WHAT THE EXERCISE ASKS: From the line bearing "rewrite mulnDl addnCA" down to the final line of the records below, give every line again exactly and add nothing.

Stored data entries:
:::

Lemma vq_dvdn n k : 0 < n -> (q ^ k %| n) = (k <= vq q n).
Proof.
move=> n_gt0; rewrite /vq (negbTE (lt0n_neq0 n_gt0)).
rewrite (@bigmax_eq_arg _ ord0); last exact: dvd1n.
case: arg_maxnP => [|j /= jn j_max]; first exact: dvd1n.
apply/idP/idP => [qk_n | kj]; last by apply: dvdn_trans jn; rewrite dvdn_exp2l.
have kn : k < n.+1 by rewrite ltnS (leq_trans (ltnW (ltn_expl k q_gt1)) (dvdn_leq n_gt0 qk_n)).
exact: (j_max (Ordinal kn)).
Qed.

Lemma vq_eq n k : 0 < n -> q ^ k %| n -> ~~ (q ^ k.+1 %| n) -> vq q n = k.
Proof. by move=> n_gt0; rewrite !vq_dvdn // -leqNgt => ? ?; apply/eqP; rewrite eqn_leq; apply/andP. Qed.

Lemma vq_small r : 0 < r < q -> vq q r = 0.
Proof. by case/andP=> r_gt0 r_lt; apply: vq_eq; rewrite ?dvd1n ?expn1 ?gtnNdvd. Qed.

Lemma vq_mul_pow a L : 0 < a -> vq q (a * q ^ L) = vq q a + L.
Proof.
move=> a_gt0; have q_gt0 : 0 < q ^ L by rewrite expn_gt0 ltnW.
apply: vq_eq; first by rewrite muln_gt0 a_gt0.
  by rewrite expnD dvdn_mul // vq_dvdn.
by rewrite -addSn expnD dvdn_pmul2r // vq_dvdn // ltnn.
Qed.

Lemma vq_add_mul_pow a L i : 0 < i < q ^ L -> vq q (a * q ^ L + i) = vq q i.
Proof.
case/andP=> i_gt0 i_lt; set v := vq q i.
have v_lt : v < L.
  rewrite ltnNge; apply/negP => /(dvdn_exp2l q) qL_qv.
  have : q ^ L %| i by apply: dvdn_trans qL_qv _; rewrite vq_dvdn.
  by move/(dvdn_leq i_gt0); rewrite leqNgt i_lt.
apply: vq_eq; first by rewrite addn_gt0 i_gt0 orbT.
  by rewrite dvdn_add ?dvdn_mull ?dvdn_exp2l ?vq_dvdn // ltnW.
by rewrite dvdn_addr ?dvdn_mull ?dvdn_exp2l // vq_dvdn // ltnn.
Qed.

Lemma wqS n : wq q n.+1 = wq q n + vq q n.+1.
Proof. by rewrite /wq big_ord_recr. Qed.

Lemma wq0 : wq q 0 = 0.
Proof. by rewrite /wq big_ord1. Qed.

Lemma uqS n : uq q n.+1 = uq q n + wq q n.+1.
Proof. by rewrite /uq big_ord_recr. Qed.

Lemma wq_small r : r < q -> wq q r = 0.
Proof.
elim: r => [|r IH] r_lt; first exact: wq0.
by rewrite wqS IH ?vq_small // ltnW.
Qed.

Lemma wq_add_mul_pow a L s : s < q ^ L -> wq q (a * q ^ L + s) = wq q (a * q ^ L) + wq q s.
Proof.
elim: s => [|s IH] s_lt; first by rewrite addn0 wq0 addn0.
by rewrite addnS !wqS (IH (ltnW s_lt)) -addnS vq_add_mul_pow ?addnA.
Qed.

Lemma wq_pow L : wq q (q ^ L) = wq q (q ^ L).-1 + L.
Proof.
have q_gt0 : 0 < q ^ L by rewrite expn_gt0 ltnW.
rewrite -{1}(prednK q_gt0) wqS prednK // -[q ^ L]mul1n vq_mul_pow //.
by rewrite (@vq_eq 1 0) ?dvd1n ?expn1 ?dvdn1 // neq_ltn q_gt1 orbT.
Qed.

Lemma wq_mul_pow a L : wq q (a * q ^ L) = a * wq q (q ^ L) + wq q a.
Proof.
have q_gt0 : 0 < q ^ L by rewrite expn_gt0 ltnW.
elim: a => [|a IH]; first by rewrite !mul0n wq0.
have e : a.+1 * q ^ L = (a * q ^ L + (q ^ L).-1).+1 by rewrite mulSnr -addnS prednK.
rewrite {1}e wqS -e wq_add_mul_pow ?ltn_predL // vq_mul_pow // IH wqS wq_pow; lia.
Qed.

Lemma wq_powS L : wq q (q ^ L.+1) = q * wq q (q ^ L) + 1.
Proof.
have := wq_pow 1; rewrite expn1 (@wq_small q.-1) ?ltn_predL ?(ltnW q_gt1) // => wq_q.
by rewrite expnS wq_mul_pow wq_q.
Qed.

Lemma uq_add_small m r : r < q -> uq q (m * q + r) = uq q (m * q) + r * wq q (m * q).
Proof.
elim: r => [|r IH] r_lt; first by rewrite addn0 mul0n addn0.
rewrite addnS uqS (IH (ltnW r_lt)) -addnS.
have := @wq_add_mul_pow m 1 r.+1; rewrite expn1 (wq_small r_lt) addn0 => /(_ r_lt) ->.
by rewrite mulSn; lia.
Qed.

End Valuation.

Lemma sum_nat_blocks (F : nat -> nat) K n :
  \sum_(0 <= i < K * n) F i = \sum_(0 <= k < K) \sum_(0 <= s < n) F (k * n + s).
Proof.
rewrite big_nat_mul; apply: eq_bigr => k _.
by rewrite -{1}(add0n (k * n)) big_addn mulSn addnK; apply: eq_bigr => s _; rewrite addnC.
Qed.

Lemma sum_affine_lb (F : nat -> nat) m n c E T :
  (forall i, m <= i < n -> T <= c * F i + E) ->
  (n - m) * T <= c * \sum_(m <= i < n) F i + (n - m) * E.
Proof.
move=> FT; rewrite -!sum_nat_const_nat big_distrr -big_split /=.
by rewrite big_nat_cond [leqRHS]big_nat_cond; apply: leq_sum => i /andP[/FT].
Qed.

Lemma sum_affine_lb_but_one (F : nat -> nat) n c E T i0 : i0 < n ->
  (forall i, i < n -> T <= c * F i + E) ->
  c * F i0 + (n - 1) * T <= c * \sum_(0 <= i < n) F i + (n - 1) * E.
Proof.
move=> i0_lt FT; rewrite (@big_cat_nat _ _ _ i0) ?(ltnW i0_lt) //= (big_ltn i0_lt).
have lo : (i0 - 0) * T <= c * \sum_(0 <= i < i0) F i + (i0 - 0) * E.
  by apply: sum_affine_lb => i /andP[_ i_lt]; apply/FT/(ltn_trans i_lt).
have hi : (n - i0.+1) * T <= c * \sum_(i0.+1 <= i < n) F i + (n - i0.+1) * E.
  by apply: sum_affine_lb => i /andP[_ i_lt]; apply: FT.
have -> : n - 1 = (i0 - 0) + (n - i0.+1) by lia.
rewrite !mulnDl !mulnDr; lia.
Qed.

Lemma sum_dvdn_add d y : 0 < d -> \sum_(0 <= t < d) (d %| y + t) = 1.
Proof.
move=> d_gt0; elim: y => [|y IH].
  rewrite (big_ltn d_gt0) dvdn0 big_nat big1 // => t /andP[t_gt0 t_lt].
  by rewrite add0n gtnNdvd.
have : \sum_(0 <= t < d.+1) (d %| y + t) = (d %| y) + \sum_(0 <= t < d) (d %| y.+1 + t).
  by rewrite big_nat_recl // addn0; under eq_bigr do rewrite -addSnnS.
rewrite big_nat_recr //= IH dvdn_addl //; lia.
Qed.

Lemma exists_dvdn_add d y : 0 < d -> exists2 t, t < d & d %| y + t.
Proof.
move=> d_gt0; have [t [t_in _ t_dvd _]] := sum_nat_seq_eq1 (sum_dvdn_add y d_gt0).
by exists t; [rewrite mem_index_iota in t_in | case: (d %| y + t) t_dvd].
Qed.

Lemma coprime_dvdn_add d y t : d %| y + t -> coprime d t -> coprime d y.
Proof.
move=> d_yt /eqP dt; rewrite /coprime -dvdn1 -dt dvdn_gcd dvdn_gcdl /=.
by rewrite -(dvdn_addr _ (dvdn_gcdr d y)) (dvdn_trans (dvdn_gcdl d y) d_yt).
Qed.

Lemma sum_coprime_dvdn_add d y : 0 < d ->
  \sum_(0 <= t < d) coprime d t * (d %| y + t) <= coprime d y.
Proof.
move=> d_gt0; case: (boolP (coprime d y)) => [_ | ncop] /=.
  rewrite -(sum_dvdn_add y d_gt0) leq_sum // => t _.
  by case: (coprime d t); rewrite ?mul1n ?mul0n.
rewrite leqn0; apply/eqP/big1 => t _; case: (boolP (coprime d t)) => [ct|_]; last by [].
by rewrite mul1n; apply/eqP; rewrite eqb0; apply: contra ncop => /coprime_dvdn_add; apply.
Qed.

Lemma sum_dvdn_add_mul_ge d Z Y n : 0 < d -> coprime d Y ->
  n %/ d <= \sum_(0 <= r < n) (d %| Z + r * Y).
Proof.
move=> d_gt0 dY.
have [r0 r0_lt r0_dvd] : exists2 r0, r0 < d & d %| Z + r0 * Y.
  have [a _ da] := Bezoutl Y d_gt0; rewrite (eqP dY) in da.
  exists (Z * a %% d); first exact: ltn_pmod.
  rewrite /dvdn -modnDmr modnMml modnDmr -mulnA -{1}[Z]muln1 -mulnDr.
  by rewrite -/(dvdn _ _) dvdn_mull.
rewrite (@big_cat_nat _ _ _ (n %/ d * d)) ?leq_divM //= sum_nat_blocks.
apply: leq_trans (leq_addr _ _).
apply: (@leq_trans (\sum_(0 <= i < n %/ d) 1)); first by rewrite sum_nat_const_nat subn0 muln1.
apply: leq_sum => i _; rewrite (bigD1_seq r0) ?mem_index_iota ?iota_uniq //=.
rewrite mulnDl addnCA dvdn_addr ?r0_dvd //; exact/dvdn_mulr/dvdn_mull.
Qed.

Section Equidistribution.
Variables q d : nat.
Hypotheses (q_gt1 : 1 < q) (d_gt0 : 0 < d).

Definition count_wq_dvd J a := \sum_(0 <= s < q ^ J) (d %| wq q (s * q) + a).

Lemma count_wq_dvdS J a :
  count_wq_dvd J.+1 a = \sum_(0 <= b < q) count_wq_dvd J (a + b * wq q (q ^ J.+1)).
Proof.
rewrite /count_wq_dvd expnS sum_nat_blocks; apply: eq_big_nat => b /andP[_ b_lt].
apply: eq_big_nat => s /andP[_ s_lt].
have sq_lt : s * q < q ^ J.+1 by rewrite expnSr ltn_pmul2r // ltnW.
rewrite mulnDl -mulnA -expnSr (wq_add_mul_pow q_gt1 _ sq_lt) wq_mul_pow // (wq_small q_gt1 b_lt).
by rewrite addn0 -expnS; congr (d %| _); lia.
Qed.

:::

ANSWER TO THE EXERCISE:
rewrite mulnDl addnCA dvdn_addr ?r0_dvd //; exact/dvdn_mulr/dvdn_mull.
Qed.

Section Equidistribution.
Variables q d : nat.
Hypotheses (q_gt1 : 1 < q) (d_gt0 : 0 < d).

Definition count_wq_dvd J a := \sum_(0 <= s < q ^ J) (d %| wq q (s * q) + a).

Lemma count_wq_dvdS J a :
  count_wq_dvd J.+1 a = \sum_(0 <= b < q) count_wq_dvd J (a + b * wq q (q ^ J.+1)).
Proof.
rewrite /count_wq_dvd expnS sum_nat_blocks; apply: eq_big_nat => b /andP[_ b_lt].
apply: eq_big_nat => s /andP[_ s_lt].
have sq_lt : s * q < q ^ J.+1 by rewrite expnSr ltn_pmul2r // ltnW.
rewrite mulnDl -mulnA -expnSr (wq_add_mul_pow q_gt1 _ sq_lt) wq_mul_pow // (wq_small q_gt1 b_lt).
by rewrite addn0 -expnS; congr (d %| _); lia.
Qed.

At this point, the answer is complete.